In geometry, Thales' theorem (named after Thales of Miletus) states that if A, B and C are points on a circle where the line AC is a diameter of the circle, then the angle ABC is a right angle.

## Proof

We use the following facts: the sum of the angles in a triangle is equal to two right angles and that the base angles of an isosceles triangle are equal.

Let O be the center of the circle. Since OA = OB = OC, OAB and OBC are isosceles triangles, and by the equality of the base angles of an isosceles triangle, OBC = OCB and BAO = ABO. Let γ = BAO and δ = OBC.

Since the sum of the angles of a right triangle is equal to two right angles, we have

2γ + γ ′ = 180°

and

2δ + δ ′ = 180°

We also know that

γ ′ + δ ′ = 180°

Adding the first two equations and subtracting the third, we obtain

2γ + γ ′ + 2δ + δ ′ − (γ ′ + δ ′) = 180°

which, after cancelling γ ′ and δ ′, implies that

γ + δ = 90°

Q.E.D

## Converse

The converse of Thales' theorem is also true. It states that if you have a right triangle and construct a circle with the triangle's hypothenuse as diameter, then the third vertex of the triangle will also lie on the circle.

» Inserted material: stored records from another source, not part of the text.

(* Let $K\ge1$ and let $f(z)=\sum_{n=0}^\infty a_nz^n+\sum_{n=1}^\infty\overline{b_n}\,\overline{z}^n$ be a $K$-quasiconformal harmonic mapping on $\mathbb{D}$. If there is a constant $M>0$ such that $\ell_f^{\ast}(\theta,1)\le M$ for all $\theta\in[0,2\pi]$, then $|a_n|+|b_n|\le KM$ for all $n\ge1$. In particular, if $K=1$ the estimate is sharp, with extremal function $f(z)=Mz$.
   Context: $\mathbb{D}$ is the open unit disk. A sense-preserving homeomorphism $f\in W^{1,2}_{loc}$ is $K$-quasiconformal if $(|f_z|+|f_{\bar z}|)^2\le K(|f_z|^2-|f_{\bar z}|^2)$. For a harmonic mapping $f$ in $\mathbb{D}$, $\theta\in[0,2\pi]$ and $r\in[0,1)$, $\ell_f^{\ast}(\theta,r)=\int_0^r\left|f_z(\rho e^{i\theta})+e^{-2i\theta}f_{\bar z}(\rho e^{i\theta})\right|d\rho$, and $\ell_f^{\ast}(\theta,1)=\sup_{0<r<1}\ell_f^{\ast}(\theta,r)$. *)

From Stdlib Require Import Reals.
From Coquelicot Require Import Coquelicot.
Open Scope R_scope.

Definition unit_disk (z : C) : Prop := Cmod z < 1.

Definition dx (f : C -> C) (z : C) : C :=
  (Derive (fun t => fst (f (Cplus z (t, 0)))) 0,
   Derive (fun t => snd (f (Cplus z (t, 0)))) 0).
Definition dy (f : C -> C) (z : C) : C :=
  (Derive (fun t => fst (f (Cplus z (0, t)))) 0,
   Derive (fun t => snd (f (Cplus z (0, t)))) 0).

Definition dz (f : C -> C) (z : C) : C :=
  Cmult (/2, 0) (Cminus (dx f z) (Cmult (0, 1) (dy f z))).
Definition dzb (f : C -> C) (z : C) : C :=
  Cmult (/2, 0) (Cplus (dx f z) (Cmult (0, 1) (dy f z))).

Definition homeo_on_disk (f : C -> C) : Prop :=
  (forall z, unit_disk z -> continuous f z) /\
  (forall z w, unit_disk z -> unit_disk w -> f z = f w -> z = w) /\
  (forall U : C -> Prop, open U -> (forall z, U z -> unit_disk z) ->
     open (fun w => exists z, U z /\ f z = w)).

(* sense-preserving: positive Jacobian J_f = |f_z|^2 - |f_zbar|^2 *)
Definition sense_preserving (f : C -> C) : Prop :=
  forall z, unit_disk z -> Cmod (dzb f z) ^ 2 < Cmod (dz f z) ^ 2.

(* K-quasiconformal (for smooth f the W^{1,2}_loc condition is automatic
   and the a.e. inequality is equivalent to the pointwise one) *)
Definition K_quasiconformal (K : R) (f : C -> C) : Prop :=
  homeo_on_disk f /\ sense_preserving f /\
  forall z, unit_disk z ->
    (Cmod (dz f z) + Cmod (dzb f z)) ^ 2 <=
      K * (Cmod (dz f z) ^ 2 - Cmod (dzb f z) ^ 2).

Definition eitheta (t : R) : C := (cos t, sin t).

Definition ell_star (f : C -> C) (theta r : R) : R :=
  RInt (fun rho =>
          Cmod (Cplus (dz f (Cmult (RtoC rho) (eitheta theta)))
                      (Cmult (eitheta (-2 * theta))
                             (dzb f (Cmult (RtoC rho) (eitheta theta))))))
       0 r.

Definition ell_star1 (f : C -> C) (theta : R) : Rbar :=
  Lub_Rbar (fun x => exists r, 0 < r < 1 /\ x = ell_star f theta r).

From Stdlib Require Import Reals Lra Psatz.
From Coquelicot Require Import Coquelicot.
Open Scope R_scope.

(* Write f = h + conj g.  Then f_z = h' and f_zbar = conj g', and quasiconformality gives
   |h'| + |g'| <= K (|h'| - |g'|) <= K |f_z + e^{-2i theta} f_zbar| pointwise.  Integrating
   along the ray of angle theta yields
     |h(r e^{i theta}) - h(0)| + |g(r e^{i theta}) - g(0)| <= K l*_f(theta, r) <= K M.
   With unimodular l, m such that l a_n = |a_n| and m b_n = |b_n|, the function
   theta |-> l h(r e^{i theta}) + m g(r e^{i theta}) is an absolutely convergent trigonometric
   series whose n-th coefficient is (|a_n| + |b_n|) r^n and which stays within K M of its
   constant term l h(0) + m g(0).  Averaging it against e^{-i n theta} over the N-th roots of
   unity recovers that coefficient up to the tail sum_{k >= N} of the coefficients, which tends
   to 0 as N grows; letting r -> 1 gives |a_n| + |b_n| <= K M.  The derivatives h', g' are
   obtained from the bound |(z+u)^(k+1) - z^(k+1) - (k+1) u z^k| <= (k+1)^2 |u|^2 s^(k-1),
   valid for |z|, |z+u| <= s. *)

(** * Complex numbers and complex series *)

Lemma Cmod_eitheta t : Cmod (eitheta t) = 1.
Proof.
  unfold Cmod, eitheta; cbn [fst snd].
  rewrite <- sqrt_1; f_equal; rewrite <- (sin2_cos2 t); unfold Rsqr; ring.
Qed.

Lemma eitheta_add s t : eitheta (s + t) = (eitheta s * eitheta t)%C.
Proof.
  apply injective_projections; unfold eitheta; simpl;
    [rewrite cos_plus | rewrite sin_plus]; ring.
Qed.

Lemma eitheta_0 : eitheta 0 = RtoC 1.
Proof. apply injective_projections; unfold eitheta; simpl; [apply cos_0 | apply sin_0]. Qed.

Lemma Cpow_eitheta t k : (eitheta t ^ k)%C = eitheta (INR k * t).
Proof.
  induction k as [|k IH].
  - now rewrite Rmult_0_l, eitheta_0.
  - rewrite Cpow_S, IH, <- eitheta_add, S_INR; f_equal; ring.
Qed.

Lemma eitheta_2PI_mult k : eitheta (2 * INR k * PI) = RtoC 1.
Proof.
  apply injective_projections; unfold eitheta; simpl; rewrite <- (Rplus_0_l (2 * INR k * PI)).
  - now rewrite cos_period, cos_0.
  - now rewrite sin_period, sin_0.
Qed.

Lemma eitheta_opp t : eitheta (- t) = Cconj (eitheta t).
Proof. apply injective_projections; unfold eitheta; simpl; [apply cos_neg | apply sin_neg]. Qed.

Lemma eitheta_neq_1 t : 0 < Rabs t < 2 * PI -> eitheta t <> RtoC 1.
Proof.
  intros Ht E.
  assert (Hc : cos (Rabs t) = 1) by (unfold Rabs; destruct Rcase_abs;
    [rewrite cos_neg |]; exact (f_equal fst E)).
  assert (Hs : sin (Rabs t) = 0) by (unfold Rabs; destruct Rcase_abs;
    [rewrite sin_neg, (f_equal snd E : sin t = 0); ring | exact (f_equal snd E)]).
  destruct (sin_eq_O_2PI_0 (Rabs t)) as [Ht' | [Ht' | Ht']]; try lra.
  rewrite Ht', cos_PI in Hc; lra.
Qed.

Lemma Re_le_Cmod c : Re c <= Cmod c.
Proof. generalize (re_le_Cmod c); intros H; apply Rabs_le_between in H; lra. Qed.

Lemma Cmod_as_Re_rotation (w : C) : exists v, Cmod v <= 1 /\ Re (v * w) = Cmod w.
Proof.
  destruct (Ceq_dec w 0) as [-> | Hw].
  - exists (RtoC 0); rewrite Cmod_0, Cmult_0_l; simpl; lra.
  - assert (Hm : 0 < Cmod w) by now apply Cmod_gt_0.
    exists (RtoC (/ Cmod w) * Cconj w)%C; split.
    + rewrite Cmod_mult, Cmod_conj, Cmod_R, Rabs_pos_eq, Rinv_l; try lra.
      now left; apply Rinv_0_lt_compat.
    + rewrite <- Cmult_assoc, (Cmult_comm (Cconj w)), <- Cmod2_conj,
        <- RtoC_mult, re_RtoC; field; lra.
Qed.

Lemma is_series_Re (u : nat -> C) l :
  is_series u l -> is_series (fun k => Re (u k)) (Re l).
Proof.
  intros H; unfold is_series.
  apply (filterlim_ext (fun N => Re (sum_n u N))).
  - intros N; induction N as [|N IH]; [now rewrite !sum_O | now rewrite !sum_Sn, <- IH].
  - eapply filterlim_comp; [exact H | destruct l; apply continuous_fst].
Qed.

Lemma is_series_Im (u : nat -> C) l :
  is_series u l -> is_series (fun k => Im (u k)) (Im l).
Proof.
  intros H; unfold is_series.
  apply (filterlim_ext (fun N => Im (sum_n u N))).
  - intros N; induction N as [|N IH]; [now rewrite !sum_O | now rewrite !sum_Sn, <- IH].
  - eapply filterlim_comp; [exact H | destruct l; apply continuous_snd].
Qed.

(* Coquelicot's [Series] is real-valued, so a complex series is summed componentwise. *)
Definition CSeries (u : nat -> C) : C :=
  (Series (fun k => Re (u k)), Series (fun k => Im (u k))).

The theorem and its converse can be expressed as follows:

The center of the circumcircle of a triangle lies on one of the triangle's sides if and only if the triangle is a right triangle.

## Generalization

Thales' theorem is a special case of the following theorem: given three points A, B and C on a circle with center O, the angle AOC is twice as large as the angle ABC.